Я никогда не понимала, почему он не интересовался судьбой тех, для кого сам невольно выступал ангелом-хранителем. А меня волновало именно это. Хотелось копнуть глубже, погрузиться, вникнуть чем кроме денег можно было помочь. Нужда взглядов глаза-в-глаза, поведанных трагедий, стук детских исстрадавшихся сердечек гнала меня прочь из особняка. И я с открытой личной раной добровольно шла туда, откуда невозможно выйти прежним человеком. Если бы кто-то остановил меня за руку тогда…
Закрывая глаза, я часто видела её взгляд. Не придумали таких слов, чтобы его описать. Необъяснимое сочетание внутреннего стержня с отсутствием надежды. Глядя на ту девочку, неожиданно настигало понимание, что слова не нужны. Она заранее предвидела всё, что люди собирались ей сказать. Знала правду, не ждала чуда, не ждала родителей, не надеялась на помощь. Строила планы, мечтала вырасти и выучиться, хотела стать хирургом, чтобы помогать детям, родившимся с увечьями, таким же как она.
Разве так бывает — знать, что выхода нет, но продолжать бороться…
Родители отказались от неё в роддоме. Не ожидали, что ребёнок родится проблемным, не были готовы, не справились с обрушившимися новостями. Врачи безжалостны: малышка — инвалид на всю жизнь. И родители приняли совместное, наверняка, непростое решение — подписать отказ от ребёнка. Дали себе шанс на сытую, спокойную жизнь, на последующих здоровых детей. Я не бралась осуждать, я не Всевышний. Но кто даст шанс той девочке узнать, что такое настоящая материнская и отеческая ласка? Кто кроме воспитателей и таких же одиноких детей, как она, прочитает ей сказку на ночь? Кто сможет указать и наставить на верный путь в моменты наивысшей нужды и острого отчаяния?
Как я заметила, половине современного общества пришлись по нраву рассуждения об естественном эволюционном отборе, особенно кто ратовал за аборты при распознавании заболеваний плода во время беременности. Их оппоненты, напротив, выдвигали доводы о том, что каждый имел право на жизнь, в том числе плод с отклонениями. Я же истерически хохотала, когда слушала и тех, и других. Что же вы, господа хорошие, посоветовали бы девочке, биологическая мама которой то ли не прошла должного обследования, то ли компетентных специалистов не оказалось поблизости на её беду? Как бы ни было ребёнок появился на свет искалеченный, требующий ежесекундного пристального внимания и специализированного ухода. Сделать аборт само собой отпало, малышка успела появиться на свет. Тут, конечно, захлопал в ладоши второй лагерь — они довольны, ребёнок выжил, вот пусть теперь живёт и радуется, ведь они отстояли его право на жизнь.
Жизнь?! Вы действительно верили, что отказники и сироты с инвалидностью в детских домах жили? Вот прям в полном смысле слова, которое вы вкладывали для себя и своих близких в это понятие? Я не представляла, как кто-то смел называть существование несчастных детей — жизнью и бахвалился этим. Чем вы гордились? Тем, что ребёнок с самых первых дней появления на свет испытывал адские боли? Или тем, что, когда он подрастал и звал маму с папой, на его крики никто не приходил, пока он не срывал голос? Не говоря о выплаканных слезах на тысячу лет вперёд, отсутствии смеха как такового, даже не то, что смеха, хотя бы жалкого повода для улыбки.

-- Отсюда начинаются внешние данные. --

Lemma SPT_with_beta_log_decay p : SPT_with alpha beta sigma p -> 0 < p ->
  exists K D, forall d, (1 <= d)%nat -> D < INR d ->
    ln (beta d) <= K - (1 + 2 / p) * ln (INR d).
Proof.
  intros Hspt Hp. destruct (SPT_with_total_bounded p Hspt) as [K HK].
  destruct Hspt as [_ [C [_ Hall]]]. assert (HC := SPT_with_constant_pos p C Hall).
  assert (HK0 : 0 < K) by (generalize (HK 1%nat (le_n _)) (total_pos 1 (le_n _)); lra).
  exists (ln K + 2 / p * ln C), C. intros d Hd HCd.
  assert (Hd0 : 0 < INR d) by lra.
  assert (HlnC : ln C < ln (INR d)) by (apply ln_increasing; auto).
  set (eps := exp ((ln C - ln (INR d)) / p)).
  assert (He : 0 < eps < 1).
  { split; [apply exp_pos|]. unfold eps. rewrite <- exp_0. apply exp_increasing.
    assert (0 < (ln (INR d) - ln C) / p) by (apply Rdiv_lt_0_compat; lra).
    replace ((ln C - ln (INR d)) / p) with (- ((ln (INR d) - ln C) / p)) by (field; lra). lra. }
  destruct (Hall d eps Hd He) as [n [Hn HnC]].
  assert (Hnd : INR n <= INR d).
  { replace (C * Rpower eps (- p)) with (INR d) in HnC; auto.
    unfold Rpower, eps. rewrite ln_exp.
    replace (- p * ((ln C - ln (INR d)) / p)) with (ln (INR d) + - ln C) by (field; lra).
    rewrite exp_plus, exp_Ropp, !exp_ln by lra. field. lra. }
  assert (Hbox := is_nNOR_box_bound d eps n 1 Hd (proj1 He) Hn).
  simpl (INR 1) in Hbox. rewrite Rpower_1_l, Rmult_1_r in Hbox.
  assert (Hb : 0 < beta d) by (apply beta_pos; auto).
  assert (Hdb : INR d * beta d <= eps ^ 2 * K).
  { assert (eps ^ 2 * T d <= eps ^ 2 * K) by (apply Rmult_le_compat_l; [apply pow2_ge_0 | auto]).
    assert (INR d * beta d <= (2 * INR d * 1 - INR n) * beta d) by (apply Rmult_le_compat_r; lra).
    lra. }
  apply ln_le in Hdb; [|apply Rmult_lt_0_compat; auto].
  rewrite !ln_mult, ln_pow in Hdb by (try apply pow_lt; unfold eps; try apply exp_pos; lra).
  unfold eps in Hdb. rewrite ln_exp in Hdb. replace (INR 2) with 2 in Hdb by reflexivity.
  replace (2 * ((ln C - ln (INR d)) / p)) with (2 / p * ln C - 2 / p * ln (INR d)) in Hdb
    by (field; lra).
  lra.
Qed.

Lemma Astar_ge_of_log_decay A K D :
  (forall d, (1 <= d)%nat -> D < INR d -> ln (beta d) <= K - A * ln (INR d)) ->
  Rbar_le A (Astar beta).
Proof.
  intros Hdecay. apply LimInf_seq_ge. intros e He.
  destruct (INR_unbounded (Rmax (Rmax D 1) (exp (Rabs K / e)))) as [N HN].
  exists N. intros n Hn. apply le_INR in Hn.
  assert (Hbound := Rmax_l (Rmax D 1) (exp (Rabs K / e))).
  assert (Hexp := Rmax_r (Rmax D 1) (exp (Rabs K / e))).
  assert (HDn : D < INR n) by (generalize (Rmax_l D 1); lra).
  assert (Hn1 : 1 < INR n) by (generalize (Rmax_r D 1); lra).
  assert (Hn1' : (1 <= n)%nat) by (destruct n; [simpl in Hn1; lra | lia]).
  assert (Hln0 : 0 < ln (INR n)) by (rewrite <- ln_1; apply ln_increasing; lra).
  assert (HKe : Rabs K <= e * ln (INR n)).
  { assert (Rabs K / e <= ln (INR n)).
    { rewrite <- (ln_exp (Rabs K / e)). apply ln_le; [apply exp_pos | lra]. }
    apply (Rmult_le_compat_l e) in H; [|lra].
    replace (e * (Rabs K / e)) with (Rabs K) in H by (field; lra). exact H. }
  assert (Hb := Hdecay n Hn1' HDn).
  assert (Hbn : 0 < beta n) by (apply beta_pos; auto).
  unfold Rdiv. rewrite Rmult_1_l, ln_Rinv by auto.
  apply (Rmult_le_reg_r (ln (INR n))); auto.
  rewrite Rmult_assoc, Rinv_l, Rmult_1_r by lra.
  generalize (Rle_abs K). nra.
Qed.

Lemma SPT_with_Astar_ge p : SPT_with alpha beta sigma p -> 0 < p ->
  Rbar_le (1 + 2 / p) (Astar beta).
Proof.
  intros Hspt Hp. destruct (SPT_with_beta_log_decay p Hspt Hp) as [K [D HKD]].
  exact (Astar_ge_of_log_decay _ K D HKD).
Qed.

Lemma beta_le_of_Astar_gt (A : R) : Rbar_lt A (Astar beta) ->
  exists N, forall d, (N <= d)%nat -> (2 <= d)%nat -> beta d <= Rpower (INR d) (- A).
Proof.
  intros HA. destruct (LimInf_seq_gt _ A HA) as [N HN].
  exists N. intros d Hd Hd2. specialize (HN d Hd).
  assert (Hb : 0 < beta d) by (apply beta_pos; lia).
  assert (Hln : 0 < ln (INR d)).
  { rewrite <- ln_1. apply ln_increasing; [lra|]. apply (lt_INR 1); lia. }
  unfold Rdiv in HN. rewrite Rmult_1_l, ln_Rinv in HN by auto.
  apply (Rmult_lt_compat_r (ln (INR d))) in HN; auto.
  rewrite Rmult_assoc, Rinv_l, Rmult_1_r in HN by lra.
  rewrite <- (exp_ln (beta d)) by auto. apply exp_le_compat. lra.
Qed.

Lemma sum_beta_pow_bounded r A N : 0 < r -> 1 < r * A ->
  (forall d, (N <= d)%nat -> (2 <= d)%nat -> beta d <= Rpower (INR d) (- A)) ->
  exists B, forall d, sumj (fun j => Rpower (beta j) r) d <= B.
Proof.
  intros Hr HrA Hdecay. exists (INR (Nat.max N 2) + r * A / (r * A - 1)). intros d.
  eapply Rle_trans; [apply (sumj_le_prefix _ (fun j => Rpower (INR j) (- (r * A))) (Nat.max N 2))|].
  - intros j Hj. split; [apply Rlt_le, Rpower_pos|].
    apply Rpower_le_1_nonneg; [split; [apply beta_pos | apply beta_le_1]; auto | lra].
  - intros j Hj. replace (- (r * A)) with (- A * r) by ring. rewrite <- Rpower_mult.
    apply Rle_Rpower_l; [lra|]. split; [apply beta_pos; lia | apply Hdecay; lia].
  - intros; apply Rlt_le, Rpower_pos.
  - generalize (zeta_partial_le (r * A) d HrA). unfold zeta_partial. lra.
Qed.

Definition eig_pow_sum (r : R) (d : nat) : R :=
  2 * sumj (fun j => Rpower (beta j) r * zeta (r * sigma j)) d.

Та девочка до моего визита успела пережить множество операций, одна из которых забрала её ногу, но сохранила жизнь. Кто-то снова порадовался, как же прекрасно, что ребёнок выжил. И я соглашусь.
Любая жизнь стоит того, чтобы её прожить!
Но… Тот вопрос, который я бы хотела задать участникам обеих противоборствующих сторон: вы хоть раз задумывались над тем, а чего же на самом деле хотели сами дети? Хоть один из вас, чёртовых советчиков, подошёл к измученному операциями, химиотерапиями, реабилитациями человечку с одним единственным вопросом: а чего хочешь ты, малыш?
Мы могли сколько угодно рассуждать о том, что есть истина, а что — заблуждение. Пока сидели в тёплых кабинетах, спали в мягких постелях и жевали на завтрак колбасу. Но только те, кто на собственной шкуре испытали каково это — изо дня в день жрать горстями обезболивающее вместо завтрака и шептать в сгиб локтя выдуманные знахарские наговоры, чтобы вены не убегали и не прятались, когда наступало время ставить капельницу с выжигающим нутро «лечебным» раствором, от которого пациент если бы мог, то бежал в самые дальние дали без оглядки, сверкая голыми пятками, имели моральное право давать советы. Наверно хорошо, что физическая слабость отключала не только тело, но и мозг, и на мысли о сведении счётов с жизнью тупо не хватало жизненной энергии.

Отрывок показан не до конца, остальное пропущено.